**Assignment**
Reproduce the first line of the material below and each line after it, exactly, through the line containing "Variables (E : finType)", and give nothing more.
---------- Data records ----------
Lemma ldecw_rev m ws us : ldecw rels m ws us -> rdecw rels' m (rev ws) (map rev us).
Proof.
case=> Hs Hw H0 Hn Hp; split.
- by rewrite size_map.
- by rewrite Hw rev_flatten.
- by move=> h; rewrite nth_map_rev size_rev; exact: H0.
- by move=> i hi; rewrite nth_map_rev => /inIw_rev; rewrite revK; exact: Hn.
- move=> i hi; have [h1 h2] := Hp i hi; rewrite !nth_map_rev; split.
    by apply/inIw_rev; rewrite rev_cat !revK.
  move=> x y Hxy Hx /inIw_rev Hy; apply: (h2 (rev y) (rev x)) => //.
    by rewrite -rev_cat -Hxy rev_cat !revK.
  by move=> e; apply: Hx; rewrite -(revK x) e.
Qed.

End Mirror.

Definition rev_rels (E : finType) (rels : seq E -> Prop) r := rels (rev r).

Lemma rev_relsE (E : finType) (rels : seq E -> Prop) r : rev_rels rels r <-> rels (rev r).
Proof. by []. Qed.

Lemma rev_relsK (E : finType) (rels : seq E -> Prop) r : rels r <-> rev_rels rels (rev r).
Proof. by rewrite /rev_rels revK. Qed.

Lemma rdecw_ldecw (E : finType) (rels : seq E -> Prop) m ws vs :
  rdecw rels m ws vs -> exists us, ldecw rels m ws us.
Proof.
move=> /(rdecw_rev (rev_relsE rels)) /ldecw_rdecw [vs' /(rdecw_rev (rev_relsK rels))].
by rewrite revK; exists (map rev vs').
Qed.

Section Extension.
Variables (E : finType) (rels : seq E -> Prop).

(* The next piece of a left decomposition of [q] inside [q ++ a] is found greedily,
   as soon as the last piece together with all of [a] lies in I. *)
Lemma ldecw_rcons m (q a : seq E) us : ldecw rels m.+1 q us ->
  inIw rels (slice (q ++ a) (cutpos [::] us m) (size (q ++ a))) -> ~ inIw rels a ->
  exists u c, a = u ++ c /\ ldecw rels m.+2 (q ++ u) (rcons us u).
Proof.
move=> Hus Hin HaI.
set w := q ++ a in Hin *; set e := cutpos [::] us m in Hin *.
have cut_q : cutpos [::] us m.+1 = size q by rewrite (cutpos_size [::] Hus).
pose P z := (size q <= z) && classicb (inIw rels (slice w e z)).
have Pw : P (size w) by rewrite /P /w size_cat leq_addr -size_cat; exact/classicbP.
case: (ex_minnP (ex_intro P _ Pw)) => z /andP [hqz /classicbP Hz] zmin.
have hzw : z <= size w by apply: zmin.
set u := slice w (size q) z.
have Hau : a = u ++ drop (z - size q) a by rewrite /u /slice drop_size_cat // cat_take_drop.
have uI : ~ inIw rels u.
  by move=> /(inIw_infix [::] (drop (z - size q) a)); rewrite /= -Hau.
exists u, (drop (z - size q) a); split => //.
case: (Hus) => Hs Hw H0 Hn Hp; split.
- by rewrite size_rcons Hs.
- by rewrite flatten_rcons Hw.
- by move=> _; rewrite nth_rcons Hs /= H0.
- move=> i; rewrite ltnS nth_rcons Hs leq_eqVlt => /orP [/eqP ->|hi].
    by rewrite ltnn eqxx.
  by rewrite hi; apply: Hn.
- move=> i; rewrite ltnS => hi; rewrite !nth_rcons Hs hi.
  case: (ltnP i.+1 m.+1) => h; first exact: Hp.
  have -> : i = m by lia.
  rewrite eqxx (nth_ldecw [::] a Hus (ltnSn m)) /= -/w -/e cut_q -slice_cat; last first.
    by rewrite hqz -cut_q cutpos_mono.
  split => // x y Hxy Hy Hx.
  have Hsx := slice_prefix Hxy.
  have Hsxy : size x + size y = z - e by rewrite -size_cat -Hxy size_slice.
  have Hy0 : 0 < size y by case: y Hy {Hxy Hsxy}.
  case: (leqP (size q) (e + size x)) => hc.
    have : z <= e + size x by apply: zmin; rewrite /P hc; apply/classicbP; rewrite -Hsx.
    lia.
  apply: (ldecw_piece_notin (pre := [::]) (post := a) Hus (ltnSn m)).
  rewrite /= -/w -/e cut_q.
  by apply: (inIw_slice_widen (leqnn _) (leq_addr _ _) (ltnW hc)); rewrite -Hsx.
Qed.
Lemma two_div_nat_le_eventually (e : R) : 0 < e ->
  exists2 n, (0 < n)%N & forall m, (n <= m)%N -> 2 / m%:R <= e.
Proof.
move=> e0; exists (Num.truncn (2 / e)).+1 => // m nm.
have m0 : 0 < m%:R :> R by rewrite ltr0n (leq_trans _ nm).
have lt_m : 2 / e < m%:R by apply: lt_le_trans (truncnS_gt _) _; rewrite ler_nat.
by rewrite ler_pdivrMr // mulrC -ler_pdivrMr // ltW.
Qed.

End Grid.

Section VectorLattice.
Variables (R : realType) (V : lmodType R) (le : V -> V -> Prop) (join : V -> V -> V).
Hypothesis hV : is_vector_lattice le join.

Local Notation meet := (meet join).
Local Notation absv := (absv join).

Lemma vle_refl x : le x x.
Proof. by case: hV => [[refl _ _] _ _ _]. Qed.

Lemma vle_anti x y : le x y -> le y x -> x = y.
Proof. by case: hV => [[_ anti _] _ _ _]; apply: anti. Qed.

Lemma vle_trans y x z : le x y -> le y z -> le x z.
Proof. by case: hV => [[_ _ trans] _ _ _]; apply: trans. Qed.

Lemma vle_add2r z x y : le x y -> le (x + z) (y + z).
Proof. by case: hV => _ addr _ _; apply: addr. Qed.

Lemma vle_scale (c : R) x y : 0 <= c -> le x y -> le (c *: x) (c *: y).
Proof. by case: hV => _ _ scale _; apply: scale. Qed.

Lemma vjoin_ubl x y : le x (join x y).
Proof. by case: hV => _ _ _ /(_ x y) []. Qed.

Lemma vjoin_ubr x y : le y (join x y).
Proof. by case: hV => _ _ _ /(_ x y) []. Qed.

Lemma vjoin_lub x y z : le x z -> le y z -> le (join x y) z.
Proof. by case: hV => _ _ _ /(_ x y) [_ _ lub]; apply: lub. Qed.

Lemma vle_add2l z x y : le x y -> le (z + x) (z + y).
Proof. by rewrite ![z + _]addrC; apply: vle_add2r. Qed.

Lemma vle_add x y z w : le x y -> le z w -> le (x + z) (y + w).
Proof. by move=> /(vle_add2r z) h /(vle_add2l y); apply: vle_trans. Qed.

Lemma vsubr_ge0 x y : le 0 (y - x) <-> le x y.
Proof.
split=> [/(vle_add2r x)|/(vle_add2r (- x))]; first by rewrite add0r subrK.
by rewrite subrr.
Qed.

Lemma vsubr_le0 x y : le (x - y) 0 <-> le x y.
Proof.
split=> [/(vle_add2r y)|/(vle_add2r (- y))]; first by rewrite add0r subrK.
by rewrite subrr.
Qed.

Lemma vlerN2 x y : le (- x) (- y) <-> le y x.
Proof. by rewrite -vsubr_ge0 opprK addrC vsubr_ge0. Qed.

Lemma voppr_le0 x : le 0 x -> le (- x) 0.
Proof. by move=> x0; rewrite -oppr0; apply/vlerN2. Qed.

Lemma vaddr_ge0 x y : le 0 x -> le 0 y -> le 0 (x + y).
Proof. by rewrite -{3}[0]addr0; apply: vle_add. Qed.

Lemma vscaler_ge0 (c : R) x : 0 <= c -> le 0 x -> le 0 (c *: x).
Proof. by move=> c0 /(vle_scale c0); rewrite scaler0. Qed.

Lemma vle_addr x y : le 0 y -> le x (x + y).
Proof. by move=> y0; rewrite -{1}[x]addr0; apply: vle_add2l. Qed.

Lemma vle_addl x y : le 0 y -> le x (y + x).
Proof. by rewrite addrC; apply: vle_addr. Qed.

Lemma vle_scalel (a b : R) x : a <= b -> le 0 x -> le (a *: x) (b *: x).
Proof.
by move=> ab x0; apply/vsubr_ge0; rewrite -scalerBl; apply: vscaler_ge0; rewrite ?subr_ge0.
Qed.

Lemma vjoinC x y : join x y = join y x.
Proof. by apply: vle_anti; apply: vjoin_lub; by [apply: vjoin_ubr|apply: vjoin_ubl]. Qed.

Lemma vjoin_le x y x' y' : le x x' -> le y y' -> le (join x y) (join x' y').
Proof.
move=> hx hy; apply: vjoin_lub.
- exact: vle_trans hx (vjoin_ubl _ _).
- exact: vle_trans hy (vjoin_ubr _ _).
Qed.

Lemma vjoin_l x y : le y x -> join x y = x.
Proof. by move=> yx; apply: vle_anti (vjoin_ubl _ _); apply: vjoin_lub (vle_refl _) yx. Qed.

Lemma vjoinDr z x y : join x y + z = join (x + z) (y + z).
Proof.
apply: vle_anti; last by apply: vjoin_lub; apply: vle_add2r;
  [apply: vjoin_ubl|apply: vjoin_ubr].
rewrite -[join (x + z) _](subrK z); apply: vle_add2r.
by apply: vjoin_lub; apply/vsubr_ge0; rewrite -addrA -opprD vsubr_ge0 addrC;
  [apply: vjoin_ubl|apply: vjoin_ubr].
Qed.

Lemma vjoinDl z x y : z + join x y = join (z + x) (z + y).
Proof. by rewrite addrC vjoinDr ![z + _]addrC. Qed.

Lemma vscale_join (c : R) x y : 0 <= c -> c *: join x y = join (c *: x) (c *: y).
Proof.
move=> c0; have [->|cn0] := eqVneq c 0; first by rewrite !scale0r vjoin_l //; apply: vle_refl.
apply: vle_anti; last by apply: vjoin_lub; apply: vle_scale => //;
  [apply: vjoin_ubl|apply: vjoin_ubr].
have ci0 : 0 <= c^-1 by rewrite invr_ge0.
rewrite -[join (c *: x) _](scalerKV cn0); apply: vle_scale => //.
by apply: vjoin_lub; rewrite -[X in le X](scalerK cn0); apply: vle_scale => //;
  [apply: vjoin_ubl|apply: vjoin_ubr].
Qed.

Lemma vmeet_lbl x y : le (meet x y) x.
Proof. by rewrite /meet -vlerN2 opprK; apply: vjoin_ubl. Qed.

Lemma vmeet_lbr x y : le (meet x y) y.
Proof. by rewrite /meet -vlerN2 opprK; apply: vjoin_ubr. Qed.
----------
**Task response**
Lemma ldecw_rev m ws us : ldecw rels m ws us -> rdecw rels' m (rev ws) (map rev us).
Proof.
case=> Hs Hw H0 Hn Hp; split.
- by rewrite size_map.
- by rewrite Hw rev_flatten.
- by move=> h; rewrite nth_map_rev size_rev; exact: H0.
- by move=> i hi; rewrite nth_map_rev => /inIw_rev; rewrite revK; exact: Hn.
- move=> i hi; have [h1 h2] := Hp i hi; rewrite !nth_map_rev; split.
    by apply/inIw_rev; rewrite rev_cat !revK.
  move=> x y Hxy Hx /inIw_rev Hy; apply: (h2 (rev y) (rev x)) => //.
    by rewrite -rev_cat -Hxy rev_cat !revK.
  by move=> e; apply: Hx; rewrite -(revK x) e.
Qed.

End Mirror.

Definition rev_rels (E : finType) (rels : seq E -> Prop) r := rels (rev r).

Lemma rev_relsE (E : finType) (rels : seq E -> Prop) r : rev_rels rels r <-> rels (rev r).
Proof. by []. Qed.

Lemma rev_relsK (E : finType) (rels : seq E -> Prop) r : rels r <-> rev_rels rels (rev r).
Proof. by rewrite /rev_rels revK. Qed.

Lemma rdecw_ldecw (E : finType) (rels : seq E -> Prop) m ws vs :
  rdecw rels m ws vs -> exists us, ldecw rels m ws us.
Proof.
move=> /(rdecw_rev (rev_relsE rels)) /ldecw_rdecw [vs' /(rdecw_rev (rev_relsK rels))].
by rewrite revK; exists (map rev vs').
Qed.

Section Extension.
Variables (E : finType) (rels : seq E -> Prop).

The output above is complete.